[PATCH v7 3/4] KVM: arm64: PMU: Introduce FIXED_COUNTERS_ONLY

Mon Apr 20 01:36:16 PDT 2026

On 2026/04/20 2:19, Marc Zyngier wrote:
> On Sat, 18 Apr 2026 09:14:25 +0100,
> Akihiko Odaki <odaki at rsg.ci.i.u-tokyo.ac.jp> wrote:
>>
>> On a heterogeneous arm64 system, KVM's PMU emulation is based on the
>> features of a single host PMU instance. When a vCPU is migrated to a
>> pCPU with an incompatible PMU, counters such as PMCCNTR_EL0 stop
>> incrementing.
>>
>> Although this behavior is permitted by the architecture, Windows does
>> not handle it gracefully and may crash with a division-by-zero error.
>>
>> The current workaround requires VMMs to pin vCPUs to a set of pCPUs
>> that share a compatible PMU. This is difficult to implement correctly in
>> QEMU/libvirt, where pinning occurs after vCPU initialization, and it
>> also restricts the guest to a subset of available pCPUs.
>>
>> Introduce the KVM_ARM_VCPU_PMU_V3_FIXED_COUNTERS_ONLY attribute to
>> create a "fixed-counters-only" PMU. When set, KVM exposes a PMU that is
>> compatible with all pCPUs but that does not support programmable
>> event counters which may have different feature sets on different PMUs.
>>
>> This allows Windows guests to run reliably on heterogeneous systems
>> without crashing, even without vCPU pinning, and enables VMMs to
>> schedule vCPUs across all available pCPUs, making full use of the host
>> hardware.
>>
>> Much like KVM_ARM_VCPU_PMU_V3_IRQ and other read-write attributes, this
>> attribute provides a getter that facilitates kernel and userspace
>> debugging/testing.
> 
> OK, so that's the sales pitch. But how is it implemented?

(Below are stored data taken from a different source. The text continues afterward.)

Definition lens_floor (x : 'rV[R]_m) : R :=
  Num.max (al - half_chord ca x) (- half_chord cb x).

Definition lens_roof (x : 'rV[R]_m) : R :=
  Num.min (al + half_chord ca x) (half_chord cb x).

Lemma lens_memE (y : 'rV[R]_(m + 1)) : lens a b y <->
  [/\ sqdist ca (lsubmx y) <= 1, sqdist cb (lsubmx y) <= 1 &
      lens_floor (lsubmx y) <= rsubmx y 0 0 <= lens_roof (lsubmx y)].
Proof.
rewrite /lens_floor /lens_roof ge_max le_min; split.
- case=> /eball1_row_mxE[qa /andP[a1 a2]] /eball1_row_mxE[qb].
  by rewrite sub0r add0r => /andP[b1 b2]; split; rewrite ?a1 ?a2 ?b1 ?b2.
- case=> qa qb /andP[/andP[a1 b1] /andP[a2 b2]].
  by split; apply/eball1_row_mxE; rewrite ?sub0r ?add0r ?a1 ?a2 ?b1 ?b2.
Qed.

Lemma lens_graphE : lens a b =
  [set y | PL (lsubmx y) /\
           lens_floor (lsubmx y) <= rsubmx y 0 0 <= lens_roof (lsubmx y)].
Proof.
apply/seteqP; split=> y.
- by move=> Ly; split; [exists y | case/lens_memE: Ly].
- move=> [[y' /lens_memE[qa qb _] y'y] y_between].
  by apply/lens_memE; split=> //; rewrite -y'y.
Qed.

Lemma lens_floor_convex_roof_concave :
  convex_on PL lens_floor /\ concave_on PL lens_roof.
Proof. exact: convex_between_graphs (@lens_convex _ _ a b) lens_graphE. Qed.

Variable p : 'rV[R]_m.
Hypotheses (pa : sqdist ca p < 1) (pb : sqdist cb p < 1).
Hypothesis chords_overlap :
  `|half_chord ca p - half_chord cb p| < al < half_chord ca p + half_chord cb p.

Lemma near_chords_overlap : \forall x \near p,
  [/\ sqdist ca x < 1, sqdist cb x < 1 &
      `|half_chord ca x - half_chord cb x| < al <
      half_chord ca x + half_chord cb x].
Proof.
have dca := is_diff_half_chord pa; have dcb := is_diff_half_chord pb.
have dqa := is_diff_sqdist ca p; have dqb := is_diff_sqdist cb p.
have near_lt (F : 'rV[R]_m -> R) r : differentiable F p -> F p < r ->
    \forall x \near p, F x < r.
  by move=> /differentiable_continuous /cvgr_lt; apply.
have near_gt (F : 'rV[R]_m -> R) r : differentiable F p -> r < F p ->
    \forall x \near p, r < F x.
  by move=> /differentiable_continuous /cvgr_gt; apply.
move: chords_overlap; rewrite ltr_norml => /andP[/andP[lt_l lt_r] lt_s].
near=> x; rewrite ltr_norml -andbA; split.
- by near: x; exact: near_lt.
- by near: x; exact: near_lt.
- apply/and3P; split.
  + by near: x; exact: (near_gt (half_chord ca - half_chord cb)).
  + by near: x; exact: (near_lt (half_chord ca - half_chord cb)).
  + by near: x; exact: (near_gt (half_chord ca + half_chord cb)).
Unshelve. all: by end_near.
Qed.

Lemma near_lens_floor : \forall x \near p, lens_floor x = al - half_chord ca x.
Proof.
apply: filterS near_chords_overlap => x [_ _].
by rewrite ltr_norml => /andP[/andP[_ ab] _]; rewrite /lens_floor max_l //; lra.
Qed.

Lemma near_lens_roof : \forall x \near p, lens_roof x = half_chord cb x.
Proof.
apply: filterS near_chords_overlap => x [_ _].
by rewrite ltr_norml => /andP[/andP[ab _] _]; rewrite /lens_roof min_r //; lra.
Qed.

Lemma interior_proj_lens : interior PL p.
Proof.
apply: filterS near_chords_overlap => x [qa qb].
rewrite ltr_norml => /andP[/andP[ab ba] al_lt].
have hca_ge0 := sqrtr_ge0 (1 - sqdist ca x).
exists (row_mx x (const_mx (al - half_chord ca x))); last by rewrite row_mxKl.
apply/lens_memE; rewrite row_mxKl row_mxKr mxE /lens_floor /lens_roof.
split; [exact: ltW | exact: ltW |].
by rewrite ge_max le_min; apply/andP; split; apply/andP; split; lra.
Qed.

I would like
> to be able to read a high-level description of the implementation
> trade-offs.

Implementation-wise it is very trivial. Essentially the following 
addition in kvm_arm_pmu_v3_get_attr() is the entire implementation:
+	case KVM_ARM_VCPU_PMU_V3_FIXED_COUNTERS_ONLY:
+		if (test_bit(KVM_ARCH_FLAG_PMU_V3_FIXED_COUNTERS_ONLY, 
&vcpu->kvm->arch.flags))
+			return 0;

Both its functionality and code complexity is trivial. So we can argue that:
- the functionality is too trivial to be useful or
- the interface/implementation complexity is so trivial that it does not
   incur maintenance burden

In this case the selftest uses the getter so I was more inclined to have 
it, but adding one just for the selftest sounds too ad-hoc, so here I 
looked into other attributes to ensure that it was not introducing 
inconsistency with existing interfaces.

As the result, I found there are other read-write attributes; in fact 
there are more read-write attributes than write-only ones.

> 
>>
>> Signed-off-by: Akihiko Odaki <odaki at rsg.ci.i.u-tokyo.ac.jp>
>> ---
>>   Documentation/virt/kvm/devices/vcpu.rst |  29 ++++++
>>   arch/arm64/include/asm/kvm_host.h       |   2 +
>>   arch/arm64/include/uapi/asm/kvm.h       |   1 +
>>   arch/arm64/kvm/arm.c                    |   1 +
>>   arch/arm64/kvm/pmu-emul.c               | 155 +++++++++++++++++++++++---------
>>   include/kvm/arm_pmu.h                   |   2 +
>>   6 files changed, 147 insertions(+), 43 deletions(-)
>>
>> diff --git a/Documentation/virt/kvm/devices/vcpu.rst b/Documentation/virt/kvm/devices/vcpu.rst
>> index 60bf205cb373..e0aeb1897d77 100644
>> --- a/Documentation/virt/kvm/devices/vcpu.rst
>> +++ b/Documentation/virt/kvm/devices/vcpu.rst
>> @@ -161,6 +161,35 @@ explicitly selected, or the number of counters is out of range for the
>>   selected PMU. Selecting a new PMU cancels the effect of setting this
>>   attribute.
>>   
>> +1.6 ATTRIBUTE: KVM_ARM_VCPU_PMU_V3_FIXED_COUNTERS_ONLY
>> +------------------------------------------------------
>> +
>> +:Parameters: no additional parameter in kvm_device_attr.addr
>> +
>> +:Returns:
>> +
>> +	 =======  =====================================================
>> +	 -EBUSY   Attempted to set after initializing PMUv3 or running
>> +		  VCPU, or attempted to set for the first time after
>> +		  setting an event filter
>> +	 -ENXIO   Attempted to get before setting
>> +	 -ENODEV  Attempted to set while PMUv3 not supported
>> +	 =======  =====================================================
>> +
>> +If set, PMUv3 will be emulated without programmable event counters. The VCPU
>> +will use any compatible hardware PMU. This attribute is particularly useful on
> 
> Not quite "any PMU". It will use *the* PMU of the physical CPU,
> irrespective of the implementation.

I think:

- this comment
- one on the KVM_EXIT_FAIL_ENTRY_CPU_UNSUPPORTED note
- one on kvm_pmu_create_perf_event()
- and one on kvm_arm_pmu_v3_set_pmu_fixed_counters_only()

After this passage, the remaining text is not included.